1939 science fiction short story by Eando Binder

"I, Robot" is a science fiction short story by Eando Binder (nom de plume for Earl and Otto Binder), part of a series about a robot named Adam Link. It was published in the January 1939 issue of Amazing Stories.

==Plot==
The story is about a robot's confession. Some weeks earlier, its builder, Dr. Charles Link, built it in the basement. Link teaches his robot to walk, talk and behave civilly. Link's housekeeper sees the robot just enough to be horrified by it, but his dog is totally loyal to it. The robot is fully educated in a few weeks, Link then names it Adam Link, and it professes a desire to serve any human master who will have it. Soon afterwards, a heavy object falls on Dr. Link by accident and kills him. His housekeeper instantly assumes that the robot has murdered Dr. Link, and calls in armed men to hunt it down and destroy it. They do not succeed; in fact, they provoke the robot to retaliate, both by refusing to listen to it and by accidentally killing Dr. Link's dog. Back at the house, the robot finds a copy of Frankenstein, which Dr. Link had carefully hidden from the robot, and finally somewhat understands the prejudice against it. In the end the robot decides that it simply is not worth killing several people just to get a hearing, writes its confession, and prepares to turn itself off.

==Adaptations==

Binder's story was very innovative for its time, one of the first robot stories to break away from the Frankenstein clichés.

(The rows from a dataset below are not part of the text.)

(* Let $n=p_1^{m_1}\cdots p_k^{m_k}$. The essential ideal graph $\mathcal E_{\mathbb Z_n}$ is Laplacian integral if and only if all eigenvalues of $\mathbf L(\mathscr G)$ are integers.
   Context: Primes $p_1<\dots<p_k$, positive integers $m_i$, $n$ not prime. Nonzero proper ideals of $\mathbb Z_n$ are uniquely $\langle p_1^{r_1}\cdots p_k^{r_k}\rangle$, $0\le r_i\le m_i$, $(r_i)\ne(0,\dots,0),(m_1,\dots,m_k)$; essential iff $r_j\ne m_j$ for all $j$. Essential ideal graph $\mathcal E_{\mathbb Z_n}$: vertices nonzero proper ideals, distinct $I,K$ adjacent iff $I+K$ essential. A graph is Laplacian integral if all eigenvalues of its Laplacian $D-A$ are integers. $\mathscr G$: vertex set the $2^k-2$ ideals $\langle\prod_{i\in S}p_i^{m_i}\rangle$, $S$ nonempty proper subset of $\{1,\dots,k\}$ (write $\Xi_I=S$), $I\sim J$ iff $\Xi_I\cap\Xi_J=\emptyset$. $n_I=\prod_{i\notin\Xi_I}m_i$, $N_I=\sum_{J\sim I}n_J$. $\mathbf L(\mathscr G)$: matrix indexed by $V(\mathscr G)$ with diagonal entries $N_I$, $(I,J)$-entry $-n_J$ if $I\ne J$, $I\sim J$, and $0$ otherwise. *)

From HB Require Import structures.
From mathcomp Require Import all_boot all_order all_algebra all_field.
Set Implicit Arguments. Unset Strict Implicit. Unset Printing Implicit Defensive.
Import Order.TTheory GRing.Theory Num.Theory.
Local Open Scope ring_scope.

(* ---------- Ideals of the ring 'Z_n (meaningful for 1 < n) ---------- *)
Definition is_ideal (n : nat) (I : {set 'Z_n}) : bool :=
  [&& (0 : 'Z_n) \in I,
      [forall x in I, forall y in I, x - y \in I] &
      [forall a : 'Z_n, forall x in I, a * x \in I]].

Definition ideal_sum (n : nat) (I K : {set 'Z_n}) : {set 'Z_n} :=
  [set x + y | x in I, y in K].

Definition is_essential (n : nat) (I : {set 'Z_n}) : bool :=
  is_ideal I &&
  [forall J : {set 'Z_n}, (is_ideal J && (J != [set 0])) ==> (I :&: J != [set 0])].

Definition EVert (n : nat) : predArgType :=
  {I : {set 'Z_n} | [&& is_ideal I, I != [set 0] & I != [set: 'Z_n]]}.

Definition essential_adj (n : nat) : rel (EVert n) :=
  fun I K => (I != K) && is_essential (ideal_sum (val I) (val K)).

Definition laplacian_mx (V : finType) (adj : rel V) : 'M[algC]_#|V| :=
  \matrix_(i, j)
    (let x := enum_val i in let y := enum_val j in
     if x == y then (#|[set z | adj x z]|)%:R
     else if adj x y then -1 else 0).

Definition laplacian_integral (V : finType) (adj : rel V) : Prop :=
  forall a : algC, eigenvalue (laplacian_mx adj) a -> a \in Num.int.

(* vertex of G with Xi = S, S nonempty proper subset of {1..k} *)
Definition GVert (k : nat) : predArgType :=
  {S : {set 'I_k} | (S != set0) && (S != [set: 'I_k])}.

Definition G_adj (k : nat) : rel (GVert k) :=
  fun S T => val S :&: val T == set0.

Definition nG (k : nat) (m : 'I_k -> nat) (S : GVert k) : nat :=
  (\prod_(i in ~: val S) m i)%N.

Definition NG (k : nat) (m : 'I_k -> nat) (S : GVert k) : nat :=
  (\sum_(T : GVert k | G_adj S T) nG m T)%N.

Three of the Adam Link stories were adapted by Al Feldstein and illustrated by Joe Orlando in 1955 issues of the EC (Entertaining Comics) publication Weird Science-Fantasy. Published were "I, Robot," in issue #27 (January–February); "The Trial of Adam Link," in #28 (March–April); and "Adam Link in Business," in #29 (May–June).

A decade later, Binder adapted eight of the stories for Creepy magazine over 1965–1967, and Orlando provided new artwork. The stories were "I, Robot" (issue #2); "The Trial of Adam Link" (#4); "Adam Link in Business" (#6); "Adam Link's Mate" (#8); "Adam Link's Vengeance" (#9); "Adam Link, Robot Detective" (#12); "Adam Link, Gangbuster" (#13); and "Adam Link, Champion Athlete" (#15).

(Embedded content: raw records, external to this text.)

Lemma minimal_map_entries (W : lmodType R) a c (f : 'rV[R]_a -> W) (E : 'M[R]_(c, a)) :
  minimal_map f -> generates E (fun u => f u = 0) -> forall i l, maxid (E i l).
Proof.
move=> f_min fE i l; have -> : E i l = row i E 0 l by rewrite mxE.
by apply: f_min; apply: generates_row fE.
Qed.

Lemma minimal_resolution_of_maps (F : free_resolution M) :
  minimal_map (fr_aug F) -> (forall i, minimal_map (mulmxr (fr_d F i))) ->
  minimal_resolution F.
Proof.
move=> aug_min d_min [|i]; apply: minimal_map_entries; first exact: aug_min.
- exact: fr_exact0.
- exact: d_min.
- exact: fr_exact.
Qed.

Hypothesis hn : noetherian R.

Lemma syzygy_exists a b (D : 'M[R]_(a, b)) :
  {S : {c & 'M[R]_(c, a)} |
    generates (projT2 S) (fun u => u *m D = 0) /\ minimal_map (mulmxr (projT2 S))}.
Proof.
apply: constructive_indefinite_description.
have [c [E [EK E_min]]] := minimal_generates hn (submod_ker (mulmxr D)).
by exists (existT _ c E).
Qed.

Definition syzygy a b (D : 'M[R]_(a, b)) := sval (syzygy_exists D).

Variables (k1 k0 : nat) (E0 : 'M[R]_(k1, k0)).

(* Stage i packs (rank i, (rank i.+1, d i)); the next stage is the syzygy of d i. *)
Fixpoint syzygy_chain i : {b : nat & {a : nat & 'M[R]_(a, b)}} :=
  if i is i'.+1 then
    let s := syzygy_chain i' in existT _ (projT1 (projT2 s)) (syzygy (projT2 (projT2 s)))
  else existT _ k0 (existT _ k1 E0).

Definition chain_rank i := projT1 (syzygy_chain i).

Definition chain_d i : 'M[R]_(chain_rank i.+1, chain_rank i) :=
  projT2 (projT2 (syzygy_chain i)).

Lemma chain_d_syzygy i :
  generates (chain_d i.+1) (fun u => u *m chain_d i = 0) /\
  minimal_map (mulmxr (chain_d i.+1)).
Proof. exact: svalP (syzygy_exists (chain_d i)). Qed.

Lemma chain_d_minimal i :
  minimal_map (mulmxr E0) -> minimal_map (mulmxr (chain_d i)).
Proof. by case: i => [|i] // _; case: (chain_d_syzygy i). Qed.

End MinimalResolution.

Lemma exists_minimal_resolution (R : comUnitRingType) (hn : noetherian R)
    (M : lmodType R) :
  fg_module M -> exists F : free_resolution M, minimal_resolution F.
Proof.
case=> n [f f_surj].
have [k0 [g [gM g_min]]] :
    exists k0 (g : 'I_k0 -> M), spans g (fun _ => True) /\ minimal_map (lcomb g).
  apply: (minimal_spanning_family (g := fun i => f (delta_mx 0 i))) => x.
  split=> // _; have [u <-] := f_surj x; exists u.
  rewrite {1}(row_sum_delta u) linear_sum; apply: eq_bigr => i _; exact: linearZ.
have [k1 [E0 [E0K E0_min]]] := minimal_generates hn (submod_ker (lcomb g)).
have aug_surj x : exists u, lcomb g u = x by have [u ->] := proj1 (gM x) I; exists u.
pose F := @FreeRes R M (chain_rank hn E0) (chain_d hn E0) (lcomb g) aug_surj E0K
  (fun i => proj1 (chain_d_syzygy hn E0 i)).
exists F; apply: minimal_resolution_of_maps => // i.
exact: chain_d_minimal.
Qed.

Section ResolutionRanks.
Variables (R : comUnitRingType) (M : lmodType R) (F : free_resolution M).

“I, Robot” plus “The Trial of Adam Link, Robot” were adapted for an episode of the 1960s science fiction anthology series The Outer Limits in 1964, starring Leonard Nimoy as a journalist and Howard Da Silva as the robot's lawyer, with Read Morgan as Adam Link. In this version, (I, Robot (1964 The Outer Limits)), Robot Adam is caught and put on trial. While the death of Dr. Link is shown in flashback as an accident, in the end Adam is found guilty. On the way to be transported to his execution, a girl runs out into traffic and Adam rushes to save her from the oncoming vehicle. He is broken into pieces, "cheating the executioner".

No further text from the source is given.